To the Editor
We would like to comment on the article entitled “What should we ask patients with epilepsy on telemedicine during the COVID-19 crisis? A checklist for clinicians” by Naoto Kuroda [1]. This article summarizes the checkpoints of telemedicine for patients with epilepsy during the coronavirus disease 2019 (COVID-19) crisis. Epileptologists are required to manage their outpatients using telemedicine because of the COVID-19 pandemic.
Indeed, the COVID-19 pandemic [2] is deeply impacting on the management of acute and chronic neurological conditions by forcing neurology practices worldwide to dramatically reshape their delivery of care [3].
The impact of COVID-19 on neurological services and patients is dramatic. This global public health emergency has created novel and significant challenges to several neurological diseases including epilepsy care. Telemedicine can facilitate remote clinical consultations for new and follow-up people with epilepsy (PwE) while reducing the risk of infection to both PwE and healthcare staff [3,4]. Nevertheless, people with new onset of seizures will need investigation pathways rationalized. As an example of a potential working model and services reorganization, we recently managed a case of Pallister–Killian syndrome, a rare, sporadic, multisystem developmental disorder caused by mosaic tetrasomy 12p, mainly characterized by craniofacial dysmorphic features, severe intellectual disability, and epilepsy [5].

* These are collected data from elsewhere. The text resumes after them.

Definition depends_on (m : nat -> nat) (J : nat) (f : (nat -> nat) -> R) : Prop :=
  forall y z, inG m y -> inG m z -> (forall j, (j < J)%nat -> y j = z j) -> f y = f z.

(* v = int_{I_N} f dmu, for f depending on finitely many coordinates.
   For such f (depending on coordinates < J, J >= N), with respect to the
   normalized Haar (product) measure,
     int_{I_N} f dmu = (1/M_J) * sum_{t in prod_{j<J} Z_{m_j}, t_0=..=t_{N-1}=0} f(t).
   Elements t of prod_{j<J} Z_{m_j} are encoded by a < M_J through their digits;
   t in I_N  iff  M_N divides a. *)
Definition haar_int_IN (m : nat -> nat) (N : nat) (f : (nat -> nat) -> R) (v : R) : Prop :=
  exists J, (N <= J)%nat /\ depends_on m J f /\
    v = rsum (fun a => if Nat.eqb (a mod M m N) 0 then f (fun j => digit m a j) else 0)
             (M m J) / INR (M m J).

Definition in_INkl (m : nat -> nat) (N k l : nat) (x : nat -> nat) : Prop :=
  inG m x /\
  (forall j, (j < k)%nat -> x j = 0%nat) /\
  x k <> 0%nat /\
  (forall j, (k < j)%nat -> (j < l)%nat -> x j = 0%nat) /\
  ((l < N)%nat -> x l <> 0%nat).

(* In mixed radix the characters factor through the digits: for [b < M_s],
   [psi_(a M_s + b)(y) = psi_b(y) * psi_a(y_s, y_(s+1), ...)] with respect to the shifted radix
   sequence.  If [y_0 = ... = y_(k-1) = 0 <> y_k], a full block [j < M_(k+1)] of characters is a
   sum of nontrivial [m_k]-th roots of unity, so [D_j(y)] vanishes at multiples of [M_(k+1)] and
   [|D_j(y)| <= M_(k+1)].  Splitting [n = a M_N + b], and again [b = a' M_(k+1) + b'], in
   [n K_n = sum_(j<n) D_j], with the shifted kernel controlled by the digit [y_l <> 0], gives
   [|n K_n(y)| <= (a + 1) C M_k M_l <= 2 n C M_k M_l / M_N] for every [y] in [x + I_N].  Integrating
   this pointwise bound over [I_N], of measure [1 / M_N], gives the claim. *)

From Stdlib Require Import Reals Arith Lia Lra.
From Coquelicot Require Import Complex.
Open Scope R_scope.

Definition shift (s : nat) (f : nat -> nat) : nat -> nat := fun j => f (s + j)%nat.

Lemma M_add m s q : M m (s + q) = (M m s * M (shift s m) q)%nat.
Proof.
  induction q as [|q IHq]; cbn [M].
  - rewrite Nat.add_0_r; lia.
  - rewrite Nat.add_succ_r; cbn [M]; rewrite IHq; unfold shift; lia.
Qed.

Section MixedRadix.

Variable m : nat -> nat.
Hypothesis hm : forall j, (2 <= m j)%nat.

Lemma M_pos j : (0 < M m j)%nat.
Proof. induction j; cbn [M]; [lia|]. specialize (hm j). nia. Qed.

Lemma M_gt_index j : (j < M m j)%nat.
Proof. induction j; cbn [M]; [lia|]. specialize (hm j). nia. Qed.

Lemma M_le_mono i j : (i <= j)%nat -> (M m i <= M m j)%nat.
Proof.
  induction 1 as [|j _ IH]; [lia|]. cbn [M]. specialize (hm j). nia.
Qed.

Lemma digit_small n j : (n < M m j)%nat -> digit m n j = 0%nat.
Proof. intros H. unfold digit. rewrite Nat.div_small by lia. apply Nat.Div0.mod_0_l. Qed.

Lemma digit_mixed_low s a b p :
  (b < M m s)%nat -> (p < s)%nat -> digit m (a * M m s + b) p = digit m b p.
Proof.
  intros Hb Hp. unfold digit.
  assert (E : M m s = (m p * M m p * M (shift (S p) m) (s - S p))%nat).
  { replace s with (S p + (s - S p))%nat at 1 by lia. now rewrite M_add. }
  rewrite E, Nat.add_comm.
  replace (a * (m p * M m p * M (shift (S p) m) (s - S p)))%nat
    with ((a * M (shift (S p) m) (s - S p) * m p) * M m p)%nat by ring.
  rewrite Nat.div_add by (pose proof (M_pos p); lia).
  apply Nat.Div0.mod_add.
Qed.

Lemma digit_mixed_high s a b q :
  (b < M m s)%nat -> digit m (a * M m s + b) (s + q) = digit (shift s m) a q.
Proof.
  intros Hb. unfold digit. rewrite M_add, <- Nat.Div0.div_div.
  rewrite Nat.add_comm, Nat.div_add by (pose proof (M_pos s); lia).
  now rewrite (Nat.div_small b).
Qed.

Lemma digit_multiple_low s q p : (p < s)%nat -> digit m (q * M m s) p = 0%nat.
Proof.
  intros Hp. rewrite <- (Nat.add_0_r (q * M m s)), digit_mixed_low by (auto using M_pos).
  apply digit_small, M_pos.
Qed.

End MixedRadix.

Lemma rsum_ext f g n : (forall j, (j < n)%nat -> f j = g j) -> rsum f n = rsum g n.
Proof. induction n; intros H; cbn [rsum]; auto. rewrite IHn, H; auto. Qed.

Lemma rsum_add f p q : rsum f (p + q) = rsum f p + rsum (fun i => f (p + i)%nat) q.
Proof.
  induction q as [|q IHq]; cbn [rsum].
  - rewrite Nat.add_0_r; ring.
  - rewrite Nat.add_succ_r; cbn [rsum]; rewrite IHq; ring.
Qed.

Lemma rsum_block f a b : rsum f (a * b) = rsum (fun i => rsum (fun j => f (i * b + j)%nat) b) a.
Proof. induction a; simpl; auto. now rewrite <- IHa, Nat.add_comm, rsum_add. Qed.

Lemma rsum_eq0 f n : (forall j, (j < n)%nat -> f j = 0) -> rsum f n = 0.
Proof. induction n; intros H; cbn [rsum]; auto. rewrite IHn, H; auto; ring. Qed.

Lemma rsum_le_const f n c : (forall j, (j < n)%nat -> f j <= c) -> rsum f n <= INR n * c.
Proof.
  induction n; intros H; cbn [rsum]; [simpl; lra|]. rewrite S_INR.
  pose proof (IHn (fun j Hj => H j ltac:(lia))). pose proof (H n ltac:(lia)). lra.
Qed.

Lemma rsum_vanishing_tail f n p :
  (forall j, (n <= j)%nat -> f j = 0) -> (forall j, (p <= j)%nat -> f j = 0) -> rsum f n = rsum f p.
Proof.
  intros Hn Hp.
  assert (Htail : forall q r, (forall j, (q <= j)%nat -> f j = 0) -> (q <= r)%nat -> rsum f r = rsum f q).
  { intros q r Hq Hr. replace r with (q + (r - q))%nat by lia.
    rewrite rsum_add, (rsum_eq0 (fun i => f (q + i)%nat)) by (intros; apply Hq; lia). ring. }
  rewrite <- (Htail n (n + p)%nat), <- (Htail p (n + p)%nat) by (auto; lia). reflexivity.
Qed.

Definition theta_term m n (y : nat -> nat) j := INR (digit m n j * y j) / INR (m j).

Section Phase.

Variable m : nat -> nat.
Hypothesis hm : forall j, (2 <= m j)%nat.

Lemma theta_term_small n y j : (n < M m j)%nat -> theta_term m n y j = 0.
Proof. intros H. unfold theta_term. rewrite digit_small by auto. simpl. lra. Qed.

(* Terms beyond the last nonzero digit of [n] vanish, so the range of the sum in [theta] is irrelevant. *)
Lemma theta_as_rsum n y p : (n < M m p)%nat -> theta m n y = 2 * PI * rsum (theta_term m n y) p.
Proof.
  intros Hp. unfold theta. f_equal. apply rsum_vanishing_tail; intros j Hj; apply theta_term_small.
  - pose proof (M_gt_index m hm j); lia.
  - pose proof (M_le_mono m hm p j Hj); lia.
Qed.

Lemma theta_zero_low s b y :
  (forall p, (p < s)%nat -> y p = 0%nat) -> (b < M m s)%nat -> theta m b y = 0.
Proof.
  intros Hy Hb. rewrite (theta_as_rsum b y s Hb), rsum_eq0; [ring|].
  intros j Hj. unfold theta_term. rewrite Hy, Nat.mul_0_r by auto. simpl. lra.
Qed.

Lemma theta_first_digit c y : (c < m 0)%nat ->
  theta m c y = INR c * (2 * PI * INR (y 0%nat) / INR (m 0%nat)).
Proof.
  intros Hc. rewrite (theta_as_rsum c y 1) by (cbn [M]; lia). cbn [rsum].
  unfold theta_term, digit. cbn [M]. rewrite Nat.div_1_r, Nat.mod_small, mult_INR by auto.
  unfold Rdiv. ring.
Qed.

End Phase.

Lemma theta_mixed m (hm : forall j, (2 <= m j)%nat) s a b y : (b < M m s)%nat ->
  theta m (a * M m s + b) y = theta m b y + theta (shift s m) a (shift s y).
Proof.
  intros Hb. set (n := (a * M m s + b)%nat).
  assert (hms : forall j, (2 <= shift s m j)%nat) by (intros; apply hm).
  assert (Han : (a <= n)%nat) by (pose proof (M_pos m hm s); unfold n; nia).
  assert (Ha : (a < M (shift s m) n)%nat) by (pose proof (M_gt_index _ hms n); lia).
  rewrite (theta_as_rsum m hm n y (s + n)), rsum_add.
  2:{ rewrite M_add. assert (a + 1 <= M (shift s m) n)%nat by lia. unfold n at 1. nia. }
  rewrite (theta_as_rsum m hm b y s Hb), (theta_as_rsum _ hms a _ n Ha).
  rewrite (rsum_ext (theta_term m n y) (theta_term m b y))
    by (intros; unfold theta_term, n; now rewrite digit_mixed_low).
  rewrite (rsum_ext (fun i => theta_term m n y (s + i)) (theta_term (shift s m) a (shift s y)))
    by (intros; cbv beta; unfold theta_term, n; now rewrite digit_mixed_high).
  ring.
Qed.

Definition ec (t : R) : C := (cos t, sin t).

Lemma ec_add a b : ec (a + b) = (ec a * ec b)%C.
Proof. unfold ec, Cmult; simpl. rewrite cos_plus, sin_plus. f_equal; ring. Qed.

Lemma ec_0 : ec 0 = RtoC 1.
Proof. unfold ec, RtoC. now rewrite cos_0, sin_0. Qed.

Lemma Cmod_ec a : Cmod (ec a) = 1.
Proof.
  unfold Cmod, ec; simpl. transitivity (sqrt 1); [f_equal|apply sqrt_1].
  pose proof (sin2_cos2 a). unfold Rsqr in *. lra.
Qed.

Lemma ec_2PI_nat k : ec (2 * PI * INR k) = RtoC 1.
Proof.
  unfold ec, RtoC. pose proof (cos_period 0 k). pose proof (sin_period 0 k).
  replace (0 + 2 * INR k * PI) with (2 * PI * INR k) in * by ring.
  now rewrite H, H0, cos_0, sin_0.
Qed.

Lemma ec_neq1 a : 0 < a < 2 * PI -> ec a <> RtoC 1.
Proof.
  intros Ha E. unfold ec, RtoC in E. injection E as Ecos Esin.
  destruct (sin_eq_O_2PI_0 a) as [H|[H|H]]; try lra.
  subst. rewrite cos_PI in Ecos. lra.
Qed.

Fixpoint csum (f : nat -> C) (n : nat) : C :=
  match n with O => RtoC 0 | S n' => (csum f n' + f n')%C end.

Lemma csum_ext f g n : (forall j, (j < n)%nat -> f j = g j) -> csum f n = csum g n.
Proof. induction n; intros H; cbn [csum]; auto. rewrite IHn, H; auto. Qed.

Lemma csum_add f p q : csum f (p + q) = (csum f p + csum (fun i => f (p + i)%nat) q)%C.
Proof.
  induction q as [|q IHq]; cbn [csum].
  - rewrite Nat.add_0_r; ring.
  - rewrite Nat.add_succ_r; cbn [csum]; rewrite IHq; ring.
Qed.

Lemma csum_block f a b : csum f (a * b) = csum (fun i => csum (fun j => f (i * b + j)%nat) b) a.
Proof. induction a; simpl; auto. now rewrite <- IHa, Nat.add_comm, csum_add. Qed.

Lemma csum_eq0 f n : (forall j, (j < n)%nat -> f j = RtoC 0) -> csum f n = RtoC 0.
Proof. induction n; intros H; cbn [csum]; auto. rewrite IHn, H; auto; ring. Qed.

Lemma csum_mult_l z f n : csum (fun i => (z * f i)%C) n = (z * csum f n)%C.
Proof. induction n; cbn [csum]; [ring|]. rewrite IHn; ring. Qed.

Lemma csum_mult_r z f n : csum (fun i => (f i * z)%C) n = (csum f n * z)%C.
Proof. induction n; cbn [csum]; [ring|]. rewrite IHn; ring. Qed.

Lemma csum_const z n : csum (fun _ => z) n = (RtoC (INR n) * z)%C.
Proof.
  induction n; cbn [csum]; [simpl; ring|]. rewrite IHn, S_INR, RtoC_plus. ring.
Qed.

Lemma csum_telescope f n : csum (fun i => (f (S i) - f i)%C) n = (f n - f 0%nat)%C.
Proof. induction n; cbn [csum]; [ring|]. rewrite IHn; ring. Qed.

During the so-called phase 1 of COVID-19 pandemic in Italy, we have been contacted by the parents of a 24-year-old boy who, since a couple of weeks, every night in the first part of sleep, presents several paroxysmal, brief, and stereotyped episodes in which he suddenly wakes up, sits on the bed, appears agitated, and not in contact with the environment. After few seconds, the episode ends, and the boy falls asleep again. A home video recorded on a mobile phone shows images compatible with a confused awakening behavior.
By considering his “fragile” general and neurological clinical condition to avoid the risk of exposure to COVID-19 infection and to optimize the diagnostic workup, we performed an ambulatory electroencephalography (EEG) [6] that allowed us to reach a correct differential diagnosis between parasomnias and epilepsy by recording three of the usual anamnestic episodes that turned out to be epileptic seizures (Fig. 1 ).
Fig. 1.
Two seizures captured on 8-channel ambulatory-EEG recording. Electroencephalography shows rhythmical recruiting theta-alpha discharges over bilateral hemispheres.
This is an exemplificative case of how, in the course of a pandemic, people with suspected epilepsy could be properly diagnosed at home with no hospitalization, thus reducing the risk of contagion, protecting both patients and healthcare professionals [3,4]. In the field of epilepsy care, alternative means of care are urgently needed, and efforts must be made to implement more home-video techniques, ambulatory-EEG, and televideo-EEG services in order to implement a method of performing safely tests that in prepandemic times would have been performed in hospital.
Financial disclosures
This work did not receive any specific grant from funding agencies in the public, commercial, or not-for-profit sectors.
Declaration of competing interest
None.
Acknowledgment
We would like to thank Dr. Giuseppe Carbone, EEG technologist, for performing the ambulatory EEG exam.